TASK DIRECTIONS. From the data below, repeat exactly the lines from the line with "have ge1Dx := expR_ge1Dx" to the line with "Lemma softmax_gt0 V", both included.

────

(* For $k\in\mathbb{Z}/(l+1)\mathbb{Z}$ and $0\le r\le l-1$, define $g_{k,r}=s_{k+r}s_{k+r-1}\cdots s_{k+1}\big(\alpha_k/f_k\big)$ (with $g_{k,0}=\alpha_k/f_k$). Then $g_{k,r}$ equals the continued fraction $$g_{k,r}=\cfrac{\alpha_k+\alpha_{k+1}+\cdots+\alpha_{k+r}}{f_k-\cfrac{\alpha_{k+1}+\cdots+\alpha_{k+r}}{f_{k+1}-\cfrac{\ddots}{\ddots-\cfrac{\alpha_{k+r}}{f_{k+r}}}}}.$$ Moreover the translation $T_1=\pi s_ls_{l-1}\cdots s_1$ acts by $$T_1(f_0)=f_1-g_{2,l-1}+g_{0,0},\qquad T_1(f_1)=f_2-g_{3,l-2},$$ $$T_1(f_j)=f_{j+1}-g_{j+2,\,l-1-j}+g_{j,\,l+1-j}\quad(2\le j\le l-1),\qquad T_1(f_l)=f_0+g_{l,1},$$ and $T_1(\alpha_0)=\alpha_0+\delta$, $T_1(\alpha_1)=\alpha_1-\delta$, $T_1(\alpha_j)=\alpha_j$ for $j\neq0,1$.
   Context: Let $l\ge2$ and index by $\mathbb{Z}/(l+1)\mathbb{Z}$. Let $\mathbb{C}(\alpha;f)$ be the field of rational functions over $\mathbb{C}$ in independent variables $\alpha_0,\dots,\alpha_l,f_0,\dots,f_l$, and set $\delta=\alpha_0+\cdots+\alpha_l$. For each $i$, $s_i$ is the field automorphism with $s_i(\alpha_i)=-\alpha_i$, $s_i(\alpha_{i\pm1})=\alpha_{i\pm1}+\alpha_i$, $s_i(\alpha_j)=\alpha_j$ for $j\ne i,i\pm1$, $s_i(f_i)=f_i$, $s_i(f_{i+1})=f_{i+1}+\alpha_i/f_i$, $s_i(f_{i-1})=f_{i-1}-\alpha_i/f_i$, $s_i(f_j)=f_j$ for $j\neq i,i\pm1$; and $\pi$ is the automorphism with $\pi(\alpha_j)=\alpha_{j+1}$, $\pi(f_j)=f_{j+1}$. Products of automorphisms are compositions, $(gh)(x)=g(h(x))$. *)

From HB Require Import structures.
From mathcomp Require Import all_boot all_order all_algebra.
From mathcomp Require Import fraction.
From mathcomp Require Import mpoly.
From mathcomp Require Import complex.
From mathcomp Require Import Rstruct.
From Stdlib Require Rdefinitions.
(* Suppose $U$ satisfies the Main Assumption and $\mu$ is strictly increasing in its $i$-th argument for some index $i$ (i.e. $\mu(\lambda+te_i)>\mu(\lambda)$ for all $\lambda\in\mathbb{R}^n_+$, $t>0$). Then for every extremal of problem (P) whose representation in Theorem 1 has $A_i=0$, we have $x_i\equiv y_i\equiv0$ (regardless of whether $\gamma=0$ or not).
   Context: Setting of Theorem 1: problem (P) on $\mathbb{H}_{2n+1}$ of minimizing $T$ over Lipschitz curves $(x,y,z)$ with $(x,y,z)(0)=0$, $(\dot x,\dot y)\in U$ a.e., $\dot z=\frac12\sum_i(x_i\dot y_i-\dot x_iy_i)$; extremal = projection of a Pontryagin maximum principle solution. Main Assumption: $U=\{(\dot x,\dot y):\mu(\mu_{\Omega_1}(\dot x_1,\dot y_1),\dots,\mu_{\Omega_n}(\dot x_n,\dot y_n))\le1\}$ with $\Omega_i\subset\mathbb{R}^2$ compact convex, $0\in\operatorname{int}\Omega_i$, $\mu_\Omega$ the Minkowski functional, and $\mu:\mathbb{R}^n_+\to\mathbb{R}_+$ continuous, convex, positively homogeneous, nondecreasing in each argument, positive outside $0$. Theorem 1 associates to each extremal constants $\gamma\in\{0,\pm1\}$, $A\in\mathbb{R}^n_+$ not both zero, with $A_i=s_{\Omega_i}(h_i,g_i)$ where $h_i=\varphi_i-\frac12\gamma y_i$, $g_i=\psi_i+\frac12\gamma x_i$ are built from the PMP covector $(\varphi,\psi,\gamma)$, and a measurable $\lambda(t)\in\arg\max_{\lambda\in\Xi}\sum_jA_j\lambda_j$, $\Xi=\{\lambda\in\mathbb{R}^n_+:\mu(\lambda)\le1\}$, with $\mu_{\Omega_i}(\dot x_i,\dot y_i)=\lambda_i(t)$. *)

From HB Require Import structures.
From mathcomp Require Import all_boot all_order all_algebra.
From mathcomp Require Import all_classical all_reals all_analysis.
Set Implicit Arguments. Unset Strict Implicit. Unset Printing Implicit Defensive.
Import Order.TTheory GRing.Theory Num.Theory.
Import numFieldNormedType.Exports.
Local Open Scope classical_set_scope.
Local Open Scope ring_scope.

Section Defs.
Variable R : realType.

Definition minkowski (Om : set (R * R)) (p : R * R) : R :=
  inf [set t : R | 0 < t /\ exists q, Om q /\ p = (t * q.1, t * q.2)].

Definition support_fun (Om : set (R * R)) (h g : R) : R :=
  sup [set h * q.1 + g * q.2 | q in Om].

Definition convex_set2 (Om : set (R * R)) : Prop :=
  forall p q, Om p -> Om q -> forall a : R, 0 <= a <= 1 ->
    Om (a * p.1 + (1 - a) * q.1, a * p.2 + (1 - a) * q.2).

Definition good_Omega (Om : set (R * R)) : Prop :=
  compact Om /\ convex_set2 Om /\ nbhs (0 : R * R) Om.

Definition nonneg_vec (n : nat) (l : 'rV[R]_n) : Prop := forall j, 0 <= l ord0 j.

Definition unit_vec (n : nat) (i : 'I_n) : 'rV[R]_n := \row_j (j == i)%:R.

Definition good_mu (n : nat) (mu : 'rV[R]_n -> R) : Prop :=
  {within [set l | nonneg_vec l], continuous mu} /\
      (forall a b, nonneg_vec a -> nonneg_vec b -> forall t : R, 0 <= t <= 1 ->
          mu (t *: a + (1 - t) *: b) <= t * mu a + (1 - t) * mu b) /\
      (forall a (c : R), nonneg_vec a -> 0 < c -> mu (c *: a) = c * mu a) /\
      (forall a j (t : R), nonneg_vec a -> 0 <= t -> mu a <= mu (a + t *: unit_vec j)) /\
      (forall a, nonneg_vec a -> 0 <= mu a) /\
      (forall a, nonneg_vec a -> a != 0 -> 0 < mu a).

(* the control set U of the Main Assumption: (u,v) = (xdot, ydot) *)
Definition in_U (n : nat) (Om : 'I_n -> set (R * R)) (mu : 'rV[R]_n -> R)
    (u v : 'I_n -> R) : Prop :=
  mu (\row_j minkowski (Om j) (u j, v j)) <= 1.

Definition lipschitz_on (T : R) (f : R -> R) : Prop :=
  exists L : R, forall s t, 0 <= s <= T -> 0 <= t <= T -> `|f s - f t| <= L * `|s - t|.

────

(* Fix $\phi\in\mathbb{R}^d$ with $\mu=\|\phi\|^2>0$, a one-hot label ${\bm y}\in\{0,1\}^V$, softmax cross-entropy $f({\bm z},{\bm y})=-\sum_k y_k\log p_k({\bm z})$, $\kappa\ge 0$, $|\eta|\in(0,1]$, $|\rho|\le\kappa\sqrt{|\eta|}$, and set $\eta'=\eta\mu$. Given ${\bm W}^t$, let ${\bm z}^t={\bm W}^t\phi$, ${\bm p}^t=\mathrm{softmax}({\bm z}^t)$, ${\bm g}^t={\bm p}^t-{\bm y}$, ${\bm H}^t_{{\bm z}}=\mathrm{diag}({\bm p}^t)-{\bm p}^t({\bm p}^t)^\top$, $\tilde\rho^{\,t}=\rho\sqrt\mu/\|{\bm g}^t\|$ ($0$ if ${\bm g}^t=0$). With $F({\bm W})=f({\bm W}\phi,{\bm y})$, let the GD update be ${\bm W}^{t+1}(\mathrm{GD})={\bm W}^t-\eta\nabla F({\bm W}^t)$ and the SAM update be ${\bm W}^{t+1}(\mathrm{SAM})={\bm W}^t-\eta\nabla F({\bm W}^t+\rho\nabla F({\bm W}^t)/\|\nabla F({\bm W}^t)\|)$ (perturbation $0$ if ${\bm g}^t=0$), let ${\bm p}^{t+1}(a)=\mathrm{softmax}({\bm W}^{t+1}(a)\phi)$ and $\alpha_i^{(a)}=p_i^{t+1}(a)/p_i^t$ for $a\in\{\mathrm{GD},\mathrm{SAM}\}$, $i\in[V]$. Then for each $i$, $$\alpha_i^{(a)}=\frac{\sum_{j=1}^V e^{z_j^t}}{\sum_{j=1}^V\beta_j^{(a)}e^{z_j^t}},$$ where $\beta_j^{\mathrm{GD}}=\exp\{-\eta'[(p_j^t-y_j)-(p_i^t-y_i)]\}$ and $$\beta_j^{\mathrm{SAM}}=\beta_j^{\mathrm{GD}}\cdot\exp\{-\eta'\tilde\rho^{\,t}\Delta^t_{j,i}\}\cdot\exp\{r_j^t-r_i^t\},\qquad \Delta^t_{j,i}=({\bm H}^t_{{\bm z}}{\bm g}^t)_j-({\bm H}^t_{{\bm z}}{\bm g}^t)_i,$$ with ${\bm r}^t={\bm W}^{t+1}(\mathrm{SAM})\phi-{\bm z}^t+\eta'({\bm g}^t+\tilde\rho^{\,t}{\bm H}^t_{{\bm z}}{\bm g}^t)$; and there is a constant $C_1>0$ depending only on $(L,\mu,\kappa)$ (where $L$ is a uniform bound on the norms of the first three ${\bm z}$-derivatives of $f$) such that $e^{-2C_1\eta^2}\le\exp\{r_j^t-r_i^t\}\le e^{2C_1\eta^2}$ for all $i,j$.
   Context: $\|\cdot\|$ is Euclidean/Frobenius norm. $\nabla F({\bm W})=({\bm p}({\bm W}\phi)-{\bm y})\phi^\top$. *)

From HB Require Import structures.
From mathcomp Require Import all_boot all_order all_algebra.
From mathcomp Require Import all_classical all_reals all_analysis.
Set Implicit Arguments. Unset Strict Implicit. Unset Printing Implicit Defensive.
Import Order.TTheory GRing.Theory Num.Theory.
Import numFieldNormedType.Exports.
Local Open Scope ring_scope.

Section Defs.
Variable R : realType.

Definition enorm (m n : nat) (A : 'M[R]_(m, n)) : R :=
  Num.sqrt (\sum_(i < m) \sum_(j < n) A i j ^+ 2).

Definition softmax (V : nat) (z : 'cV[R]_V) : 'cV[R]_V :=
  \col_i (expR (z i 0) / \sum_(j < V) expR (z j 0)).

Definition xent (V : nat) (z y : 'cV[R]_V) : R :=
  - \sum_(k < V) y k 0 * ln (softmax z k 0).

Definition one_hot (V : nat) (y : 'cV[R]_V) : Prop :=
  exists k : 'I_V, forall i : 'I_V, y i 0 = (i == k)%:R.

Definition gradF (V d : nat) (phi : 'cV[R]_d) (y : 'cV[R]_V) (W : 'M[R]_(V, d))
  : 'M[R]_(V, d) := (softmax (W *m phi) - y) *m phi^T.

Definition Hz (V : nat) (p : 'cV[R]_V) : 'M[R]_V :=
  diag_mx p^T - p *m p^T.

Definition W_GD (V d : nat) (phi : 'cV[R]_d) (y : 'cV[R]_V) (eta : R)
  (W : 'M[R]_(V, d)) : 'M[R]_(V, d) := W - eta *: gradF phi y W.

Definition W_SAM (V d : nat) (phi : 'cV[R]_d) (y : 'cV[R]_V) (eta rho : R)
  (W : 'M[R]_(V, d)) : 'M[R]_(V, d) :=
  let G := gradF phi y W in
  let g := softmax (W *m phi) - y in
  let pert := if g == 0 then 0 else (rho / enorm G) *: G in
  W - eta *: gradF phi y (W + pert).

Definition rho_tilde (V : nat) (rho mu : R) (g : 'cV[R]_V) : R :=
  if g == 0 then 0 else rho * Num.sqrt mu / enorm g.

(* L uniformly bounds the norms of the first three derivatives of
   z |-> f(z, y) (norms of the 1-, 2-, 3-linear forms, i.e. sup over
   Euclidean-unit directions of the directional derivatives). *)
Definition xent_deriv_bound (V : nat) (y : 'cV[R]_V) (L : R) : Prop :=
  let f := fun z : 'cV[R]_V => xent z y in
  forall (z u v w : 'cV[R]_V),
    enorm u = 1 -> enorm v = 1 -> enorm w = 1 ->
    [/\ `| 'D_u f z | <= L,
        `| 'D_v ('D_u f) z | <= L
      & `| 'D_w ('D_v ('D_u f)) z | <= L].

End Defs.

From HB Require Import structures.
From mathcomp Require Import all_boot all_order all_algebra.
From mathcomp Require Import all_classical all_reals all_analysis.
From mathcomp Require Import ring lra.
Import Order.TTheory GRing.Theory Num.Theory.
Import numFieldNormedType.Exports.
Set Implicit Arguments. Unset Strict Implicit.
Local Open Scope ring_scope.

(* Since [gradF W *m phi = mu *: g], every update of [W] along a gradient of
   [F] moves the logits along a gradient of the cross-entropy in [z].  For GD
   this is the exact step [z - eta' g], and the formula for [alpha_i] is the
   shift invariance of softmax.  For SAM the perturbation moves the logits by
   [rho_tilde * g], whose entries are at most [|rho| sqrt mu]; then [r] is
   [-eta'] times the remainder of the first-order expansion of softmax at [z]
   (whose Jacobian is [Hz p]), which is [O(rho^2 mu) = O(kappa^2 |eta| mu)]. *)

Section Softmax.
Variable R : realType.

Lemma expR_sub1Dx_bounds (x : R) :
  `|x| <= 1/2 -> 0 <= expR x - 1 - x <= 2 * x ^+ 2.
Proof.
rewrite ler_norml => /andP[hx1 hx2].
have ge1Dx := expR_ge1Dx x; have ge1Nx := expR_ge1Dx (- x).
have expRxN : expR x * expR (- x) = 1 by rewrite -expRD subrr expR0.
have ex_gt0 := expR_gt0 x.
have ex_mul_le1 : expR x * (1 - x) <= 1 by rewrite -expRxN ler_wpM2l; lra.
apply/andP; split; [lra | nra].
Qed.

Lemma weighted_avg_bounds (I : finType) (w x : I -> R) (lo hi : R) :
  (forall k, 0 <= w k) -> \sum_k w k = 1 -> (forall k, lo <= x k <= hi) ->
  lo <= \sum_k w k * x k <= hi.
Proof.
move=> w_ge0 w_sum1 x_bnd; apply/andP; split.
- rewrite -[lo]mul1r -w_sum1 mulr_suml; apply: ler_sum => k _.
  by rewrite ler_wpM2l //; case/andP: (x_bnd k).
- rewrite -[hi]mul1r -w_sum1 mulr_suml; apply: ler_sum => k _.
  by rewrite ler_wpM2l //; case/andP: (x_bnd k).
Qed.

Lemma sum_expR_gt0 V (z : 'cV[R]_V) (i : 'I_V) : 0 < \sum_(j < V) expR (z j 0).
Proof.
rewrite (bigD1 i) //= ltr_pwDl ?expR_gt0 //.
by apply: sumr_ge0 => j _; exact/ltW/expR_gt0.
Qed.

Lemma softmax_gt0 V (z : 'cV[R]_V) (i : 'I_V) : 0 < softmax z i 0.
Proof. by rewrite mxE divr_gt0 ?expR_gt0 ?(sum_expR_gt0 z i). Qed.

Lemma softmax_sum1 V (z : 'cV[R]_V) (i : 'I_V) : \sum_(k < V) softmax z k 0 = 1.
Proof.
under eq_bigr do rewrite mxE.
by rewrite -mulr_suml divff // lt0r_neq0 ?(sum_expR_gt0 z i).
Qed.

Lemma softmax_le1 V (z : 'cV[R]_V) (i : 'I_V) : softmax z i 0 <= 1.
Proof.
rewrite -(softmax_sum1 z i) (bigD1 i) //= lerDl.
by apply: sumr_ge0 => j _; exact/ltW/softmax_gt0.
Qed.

────

ANSWER TO THE EXERCISE.
have ge1Dx := expR_ge1Dx x; have ge1Nx := expR_ge1Dx (- x).
have expRxN : expR x * expR (- x) = 1 by rewrite -expRD subrr expR0.
have ex_gt0 := expR_gt0 x.
have ex_mul_le1 : expR x * (1 - x) <= 1 by rewrite -expRxN ler_wpM2l; lra.
apply/andP; split; [lra | nra].
Qed.

Lemma weighted_avg_bounds (I : finType) (w x : I -> R) (lo hi : R) :
  (forall k, 0 <= w k) -> \sum_k w k = 1 -> (forall k, lo <= x k <= hi) ->
  lo <= \sum_k w k * x k <= hi.
Proof.
move=> w_ge0 w_sum1 x_bnd; apply/andP; split.
- rewrite -[lo]mul1r -w_sum1 mulr_suml; apply: ler_sum => k _.
  by rewrite ler_wpM2l //; case/andP: (x_bnd k).
- rewrite -[hi]mul1r -w_sum1 mulr_suml; apply: ler_sum => k _.
  by rewrite ler_wpM2l //; case/andP: (x_bnd k).
Qed.

Lemma sum_expR_gt0 V (z : 'cV[R]_V) (i : 'I_V) : 0 < \sum_(j < V) expR (z j 0).
Proof.
rewrite (bigD1 i) //= ltr_pwDl ?expR_gt0 //.
by apply: sumr_ge0 => j _; exact/ltW/expR_gt0.
Qed.

Lemma softmax_gt0 V (z : 'cV[R]_V) (i : 'I_V) : 0 < softmax z i 0.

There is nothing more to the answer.